First, plaintiff initialed every page, indicating that he read the agreement. See generally Addendum (at the top of each page: “THIS IS INTENDED TO BE A LEGALLY BINDING AGREEMENT READ IT CAREFULLY.”). He also agreed that he “HAS KNOWLEDGE AND EXPERIENCE IN FINANCIAL AND BUSINESS MATTERS THAT ENABLE[D] [HIM] TO EVALUATE THE MERIT AND RISKS OF THE TRANSACTION CONTEMPLATED.” Id. ¶ 5. The addendum also warned: “This is a legally binding contract. READ IT CAREFULLY. If you do not understand the effect of this contract, consult your attorney BEFORE signing.” Id. ¶ 22. Having read, initialed, and accepted these terms, plaintiff “cannot now claim that he lacked meaningful choice” when he agreed to limit his potential recovery to the return of his deposit. Curtis, 980 A.2d at 1244.

Nor is the addendum unreasonably favorable to defendant. If CMI returns plaintiffs $5,000, that will restore the parties to their pre-contract positions — an outcome that is perfectly reasonable on its face. Further, I find it especially telling that Bailey makes no argument that the original contract was unconscionable, and it too contains a provision limiting his potential recovery to return of his deposit, in the event that a title report and survey could not be obtained for any reason. See Contract ¶ 19. If that clause is reasonable — and plaintiff does not argue to the contrary — then as a matter of law, the similar provisions in the addendum must be reasonable as well.

Accordingly, I find that the addendum’s limitation-on-damages provisions are enforceable.

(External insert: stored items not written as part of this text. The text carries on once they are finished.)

Lemma ccont_on_dot n r u w : cont_on n r w -> ccont_on r (fun t => dot n u (w t)).
Proof.
  intros H. apply ccont_on_csum. intros i Hi.
  apply ccont_on_mult; [apply ccont_on_const | apply (cont_on_ccont_on n); assumption].
Qed.

Lemma ccont_on_wcomb n r u c20 c11 c02 w20 w11 w02 :
  cont_on n r w20 -> cont_on n r w11 -> cont_on n r w02 ->
  ccont_on r (wcomb n u c20 c11 c02 w20 w11 w02).
Proof.
  intros H20 H11 H02. unfold wcomb.
  apply ccont_on_plus; [apply ccont_on_plus|];
    (apply ccont_on_mult; [apply ccont_on_const | apply ccont_on_dot; assumption]).
Qed.

Lemma cint_kernel_wcomb n r (K : R -> C) u c20 c11 c02 w20 w11 w02 : 0 <= r -> ccont_on r K ->
  cont_on n r w20 -> cont_on n r w11 -> cont_on n r w02 ->
  cint (fun t => Cmult (K t) (wcomb n u c20 c11 c02 w20 w11 w02 t)) (-r) 0 =
  Cplus (Cplus (Cmult c20 (cint (fun t => Cmult (K t) (dot n u (w20 t))) (-r) 0))
               (Cmult c11 (cint (fun t => Cmult (K t) (dot n u (w11 t))) (-r) 0)))
        (Cmult c02 (cint (fun t => Cmult (K t) (dot n u (w02 t))) (-r) 0)).
Proof.
  intros Hr HK H20 H11 H02.
  assert (Hc : forall c w, cont_on n r w ->
            ccont_on r (fun t => Cmult c (Cmult (K t) (dot n u (w t)))))
    by (intros; apply ccont_on_mult; [apply ccont_on_const |];
        apply ccont_on_mult; [exact HK | apply ccont_on_dot; assumption]).
  rewrite (cint_ext r Hr _ (fun t => Cplus (Cplus (Cmult c20 (Cmult (K t) (dot n u (w20 t))))
                                                  (Cmult c11 (Cmult (K t) (dot n u (w11 t)))))
                                           (Cmult c02 (Cmult (K t) (dot n u (w02 t))))))
    by (intros; unfold wcomb; ring).
  rewrite (cint_plus r Hr _ _ (ccont_on_plus r _ _ (Hc c20 w20 H20) (Hc c11 w11 H11))
                     (Hc c02 w02 H02)),
          (cint_plus r Hr _ _ (Hc c20 w20 H20) (Hc c11 w11 H11)).
  rewrite !cint_scal; [reflexivity | exact Hr | | exact Hr | | exact Hr |];
    (apply ccont_on_mult; [exact HK | apply ccont_on_dot; assumption]).
Qed.

(* The right-hand side is grouped into the three terms that the [*_bracket] lemmas below
   show to be divisible by [mu]. *)
Lemma dot_R1vec_R2vec n B r lam (P phi f21 : cvec) g20 g11 g02 g12 w20 w11 w02 : 0 <= r ->
  cont_on n r w20 -> cont_on n r w11 -> cont_on n r w02 ->
  bilin n B r (Psifun lam P) w20 = RtoC 0 ->
  bilin n B r (Psifun lam P) w11 = RtoC 0 ->
  bilin n B r (Psifun lam P) w02 = RtoC 0 ->
  let g21 := dot n P f21 in
  let u := vm n P (rtoc_mat B) in
  let s := Cplus (Cmult (RtoC 2) lam) (Cconj lam) in
  let V := wcomb n u (Cmult (RtoC 2) g11) (Cplus g20 (Cmult (RtoC 2) (Cconj g11))) (Cconj g02)
                 w20 w11 w02 in
  let phic := fun i => Cconj (phi i) in
  dot n P (vsub (mv n (rtoc_mat B) (R1vec r lam phi g20 g11 g02 g21 g12 w20 w11 w02))
                (R2vec phi g20 g11 g02 g21 g12 f21 w20 w11 w02)) =
  Cplus
    (Cminus
       (Copp (Cmult g21
          (Cminus (Cplus (Cmult (Cdiv (Cminus (cexp (Cmult (RtoC (- r)) lam))
                                              (cexp (Cmult (RtoC (- r)) s)))
                                      (Cplus lam (Cconj lam))) (dot n u phi))
                         (dot n P phi)) (RtoC 1))))
       (Cmult (Cconj g12)
          (Cplus (Cmult (Cdiv (Cminus (cexp (Cmult (RtoC (- r)) (Cconj lam)))
                                      (cexp (Cmult (RtoC (- r)) s)))
                              (Cmult (RtoC 2) lam)) (dot n u phic))
                 (dot n P phic))))
    (Cminus (cint (fun t => Cmult (cexp (Cmult (RtoC (- (t + r))) lam)) (V t)) (-r) 0)
            (Cmult (cexp (Cmult (RtoC (- r)) s))
                   (cint (fun t => Cmult (cexp (Cmult (RtoC (- t)) s)) (V t)) (-r) 0))).
Proof.
  intros Hr H20 H11 H02 O20 O11 O02 g21 u s V phic.
  apply bilin_Psifun_eq0 in O20, O11, O02; try exact Hr.
  unfold R1vec, R2vec. cbv zeta. fold s phic.
  rewrite dot_vsub, dot_mv. fold u.
  rewrite !dot_vsub, !dot_vadd, !dot_vsub, !dot_vscal_r, !dot_vadd, !dot_vscal_r.
  fold u in O20, O11, O02. rewrite O20, O11, O02.
  rewrite dot_vint; [| exact Hr |].
  2:{ intros i Hi. unfold vscal, vadd. apply ccont_on_mult.
      - apply ccont_on_cexp_scal. intros; auto_derive; auto.
      - apply ccont_on_plus; [apply ccont_on_plus|];
          (apply ccont_on_mult; [apply ccont_on_const | apply (cont_on_ccont_on n); assumption]). }
  rewrite (cint_ext r Hr _ (fun t => Cmult (cexp (Cmult (RtoC (- t)) s)) (V t)))
    by (intros; rewrite dot_vscal_r, !dot_vadd, !dot_vscal_r; reflexivity).
  assert (HK : ccont_on r (fun t => cexp (Cmult (RtoC (- (t + r))) lam)))
    by (apply ccont_on_cexp_scal; intros; auto_derive; auto).
  unfold V. rewrite (cint_kernel_wcomb n r _ u _ _ _ _ _ _ Hr HK H20 H11 H02).
  fold g21. unfold Cdiv. ring.
Qed.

Plaintiff thus has not— and based on the contract language clearly cannot — plead facts sufficient to state a plausible claim for specific performance.

CONCLUSION

For the foregoing reasons, defendant’s Motion to Dismiss [Dkt. # 4] is hereby GRANTED. An appropriate order shall accompany this Memorandum Opinion. 
      
      . In his complaint, plaintiff misstates the contract date as "August 6, 2012.” Compl. ¶ 4. Fortunately, I can consider the contract itself — without converting this motion to dismiss into a motion for summary judgment— because it is "incorporated in the complaint,” E.E.O.C. v. St. Francis Xavier Parochial Sch., 117 F.3d 621, 624 (D.C.Cir.1997), and is a "document[] upon which the plaintiff's complaint necessarily relies,” Hinton v. Corrections Corp. of Am., 624 F.Supp.2d 45, 46 (D.D.C.2009) (internal quotation marks omitted).
     
      
      . Bailey’s complaint does not ask for a $5,000 judgment, nor has Bailey moved for judgment.
     
      
      . The property at issue is located in the District of Columbia, so D.C. law governs my interpretation of the contract. See Contract at 10 ¶ 35.
     
      
      . Whether Bailey paid the $100 per day extension fee is irrelevant because that clause too limits his recovery in the event of CMI's default to return of the deposit and any fees paid. See Addendum ¶ 1.